Tourism is a significant economic sector of a country. Tourism is like as via of decentralizing the culture and sharing the amusement of fascinating things or festive. However, through tourism culture is diversified one country to another. It creates a global culture across the countries and makes the culture with mixing up to another via tourists.

Tourism of a country, depending on some conditions, attracts or motivates the people to a country’s culture and tradition. The conditions are as the attractions of traditional beliefs, variation of tribes, geographical fascination, structural beautification, religious value, festivals and cultural functions, natural heritage, and other facilities for tourism. All of these things are related to one’s most important things like economy, culture and society. Ultimately, tourism is directly or indirectly related to the economy, culture and society.

Culture is the superior determiner to analyze a country’s whole socio-economic characteristics. The performance and output of tourism depend on the cultural strength of one. Religion is the part and parcel of culture, which ultimately affects the culture. Culture cum Religion is the thing which mobilizes every sector of a society and economy cum tourism. Culture is the superior determiner to analyze a country’s whole socio-economic characteristics.

Constructions of Culture and Promotion of Tourism (Malaysia vs. Thailand)

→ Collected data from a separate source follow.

(* Mean value theorem along the i-th coordinate, plus continuity of [Df i] at [z]. *)
Lemma partial_increment z i : in_ball z -> forall eps, 0 < eps -> exists r, 0 < r /\
  forall u s, (forall j, Rabs (u j) <= r) -> Rabs s <= r ->
  Rabs (f (vadd (vadd z u) (vscale s (basis i))) - f (vadd z u) - s * Df i z)
  <= eps * Rabs s.
Proof.
move=> hz eps he.
have [dc [hdc Hdc]] := Df_cont i hz he.
have [r1 [hr1 Hr1]] := enorm_lt_of_coord d hdc.
have [r2 [hr2 Hr2]] := in_ball_open hz.
have hr : 0 < Rmin r1 r2 by apply: Rmin_glb_lt.
exists (Rmin r1 r2 / 2); split => [|u s hu hs]; first lra.
pose p sg := vadd (vadd z u) (vscale sg (basis i)).
have Hnear sg : Rabs sg <= Rabs s -> in_ball (p sg) /\ enorm (vsub (p sg) z) < dc.
  move=> hsg; pose v := vadd u (vscale sg (basis i)).
  have hv j : Rabs (v j) <= Rmin r1 r2.
    rewrite /v /vadd /vscale /basis; apply: Rle_trans (Rabs_triang _ _) _.
    by rewrite Rabs_mult; have := hu j; case: (j == i); rewrite ?Rabs_R1 ?Rabs_R0; lra.
  have -> : p sg = vadd z v.
    by apply: functional_extensionality => j; rewrite /p /v /vadd; ring.
  split; first by apply: Hr2 => j; apply: Rle_trans (hv j) (Rmin_r _ _).
  have -> : vsub (vadd z v) z = v.
    by apply: functional_extensionality => j; rewrite /vsub /vadd; ring.
  by apply: Hr1 => j; apply: Rle_trans (hv j) (Rmin_l _ _).
have Hder sg : Rabs sg <= Rabs s ->
    derivable_pt_lim (fun sg => f (p sg)) sg (Df i (p sg)).
  move=> hsg; apply: derivable_pt_lim_line.
  exact: f_partial (proj1 (Hnear sg hsg)).
have [c [hc Hmvt]] := MVT_gen (fun sg => f (p sg)) 0 s (fun sg => Df i (p sg))
  (fun sg hsg => proj2 (is_derive_Reals _ _ _) (Hder sg (Rabs_le_between (conj
     (Rlt_le _ _ (proj1 hsg)) (Rlt_le _ _ (proj2 hsg))))))
  (fun sg hsg => derivable_continuous_pt _ _
     (exist _ _ (Hder sg (Rabs_le_between hsg)))).
have [hcb hcd] := Hnear c (Rabs_le_between hc).
rewrite /p vadd_scale0 in Hmvt; rewrite Hmvt Rminus_0_r (Rmult_comm s) -Rmult_minus_distr_r.
rewrite Rabs_mult; apply: Rmult_le_compat_r; first exact: Rabs_pos.
exact: Rlt_le (Hdc _ hcb hcd).
Qed.

Lemma differentiable_trunc z : in_ball z -> forall eps, 0 < eps ->
  forall k, (k <= d)%N -> exists r, 0 < r /\
  forall u, (forall i, Rabs (u i) <= r) ->
  Rabs (f (vadd z (trunc k u)) - f z - dot (trunc k u) (grad Df z))
  <= eps * rsum (fun i => Rabs (trunc k u i)).
Proof.
move=> hz eps he; elim => [|k IH] hk.
  exists 1; split => [|u _]; first lra.
  rewrite trunc0 dot0 (_ : vadd z _ = z); last first.
    by apply: functional_extensionality => i; rewrite /vadd /vzero; ring.
  rewrite Rminus_diag Rminus_0_l Ropp_0 Rabs_R0.
  by apply: Rmult_le_pos; [lra|apply: rsum_ge0 => _; lra].
have [r1 [hr1 Hr1]] := IH (ltnW hk).
have [r2 [hr2 Hr2]] := partial_increment (Ordinal hk) hz he.
exists (Rmin r1 r2); split => [|u hu]; first exact: Rmin_glb_lt.
set i := Ordinal hk.
have hu2 j : Rabs (trunc k u j) <= r2.
  by apply: Rle_trans (Rabs_trunc_le _ _ _) _; apply: Rle_trans (hu j) (Rmin_r _ _).
have hs : Rabs (u i) <= r2 by apply: Rle_trans (hu i) (Rmin_r _ _).
have h1 := Hr1 u (fun j => Rle_trans _ _ _ (hu j) (Rmin_l _ _)).
have h2 := Hr2 _ _ hu2 hs.
have -> : vadd z (trunc k.+1 u) = vadd (vadd z (trunc k u)) (vscale (u i) (basis i)).
  by rewrite (trunc_succ u hk); apply: functional_extensionality => j; rewrite /vadd /i; ring.
rewrite (rsum_Rabs_trunc_succ u hk) (trunc_succ u hk) dot_vaddl dot_vscalel dot_basis.
move: h1 h2; rewrite /grad -/i.
by split_Rabs; lra.
Qed.

Lemma line_deriv0 z X : in_ball z ->
  derivable_pt_lim (fun t => f (vadd z (vscale t X))) 0 (dot X (grad Df z)).
Proof.
move=> hz; apply: derivable_pt_lim_of_bound => eps he.
have hX := rsum_ge0 (F := fun i => Rabs (X i)) (fun i => Rabs_pos _).
set M := rsum (fun i => Rabs (X i)) + 1.
have hM : 0 < M by rewrite /M; lra.
have [r [hr Hr]] := differentiable_trunc hz (Rdiv_lt_0_compat _ _ he hM) (leqnn d).
exists (r / M); split => [|t ht]; first exact: Rdiv_lt_0_compat.
have htM : Rabs t * M < r by move/Rlt_div_r: ht => /(_ hM).
have hu i : Rabs (vscale t X i) <= r.
  rewrite /vscale Rabs_mult; have := rsum_term (F := fun i => Rabs (X i)) i (fun j => Rabs_pos _).
  move=> hXi; apply: Rle_trans (Rlt_le _ _ htM).
  by apply: Rmult_le_compat_l; [exact: Rabs_pos|rewrite /M; lra].
have := Hr _ hu; rewrite trunc_full vadd_scale0 dot_vscalel.
rewrite (rsum_ext (G := fun i => Rabs t * Rabs (X i))); last first.
  by move=> i; rewrite /vscale Rabs_mult.
rewrite -rsum_scal (_ : rsum _ = M - 1); last by rewrite /M; ring.
have := Rabs_pos t => ht0 h; apply: Rle_trans h _.
rewrite /Rdiv Rmult_assoc; apply: Rmult_le_compat_l; first lra.
have -> : / M * (Rabs t * (M - 1)) = Rabs t - Rabs t / M by field; lra.
by have := Rmult_le_pos _ _ ht0 (Rlt_le _ _ (Rinv_0_lt_compat _ hM)); rewrite /Rdiv; lra.
Qed.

Tourism of Thailand: In perspective of culture

Kingdom of Thailand is a South- Asian country. Bangkok is the capital city. Thailand’s total area is 514000 square kilometers. It has a population of 61797751 (July 2001). Among this population Thai ethic that’s ethnic origin lies in India, China or elsewhere with ethnic distribution as- Thai (80%), Chinese (10%), Malay (3%), and the rest are minorities (Mons, Khmers, hill tribes). And by 2050 its estimated population is 70295643. Thai and English languages are mostly used here. Literacy rate is 93.8% (1995). Buddhism is the predominant religion here. 95% of the total populations are Buddhist (‘Theravada Buddhism’) (1991). Beside them 3.8% Muslim and 0.5% Christianity people live here. The government type of the kingdom of Thailand is constitutional monarchy. Tourism, textiles, garments, tobacco, cement, etc. are the main industries. Main agricultural sectors are rice, cassava, rubber etc. Tin, rubber, natural gas, tungsten etc. are common natural resources (Tourismthail).

Tourism of Thailand: In perspective of culture.

Thailand is populated with fun-loving, smile-faced, happy-go-lucky people. People are proud for their fighting spirit. Thailand was known as Siam formerly. The important fact is that Thailand has never been colonized by any foreign power. It is the result of their struggles for centuries to hold their independence. This country has been influenced by different foreign cultures through their tourism specially. But still Thai culture has unique stuffs. According to Kislenko (2004) states that the development of culture remains in various sectors of society such as “Literature, Theatre, Dance, Music, and Film, Art, Architecture and Design, Cuisine and Traditional Dress, Gender, Courtship, and Marriage, Festivals and Fun, etc.”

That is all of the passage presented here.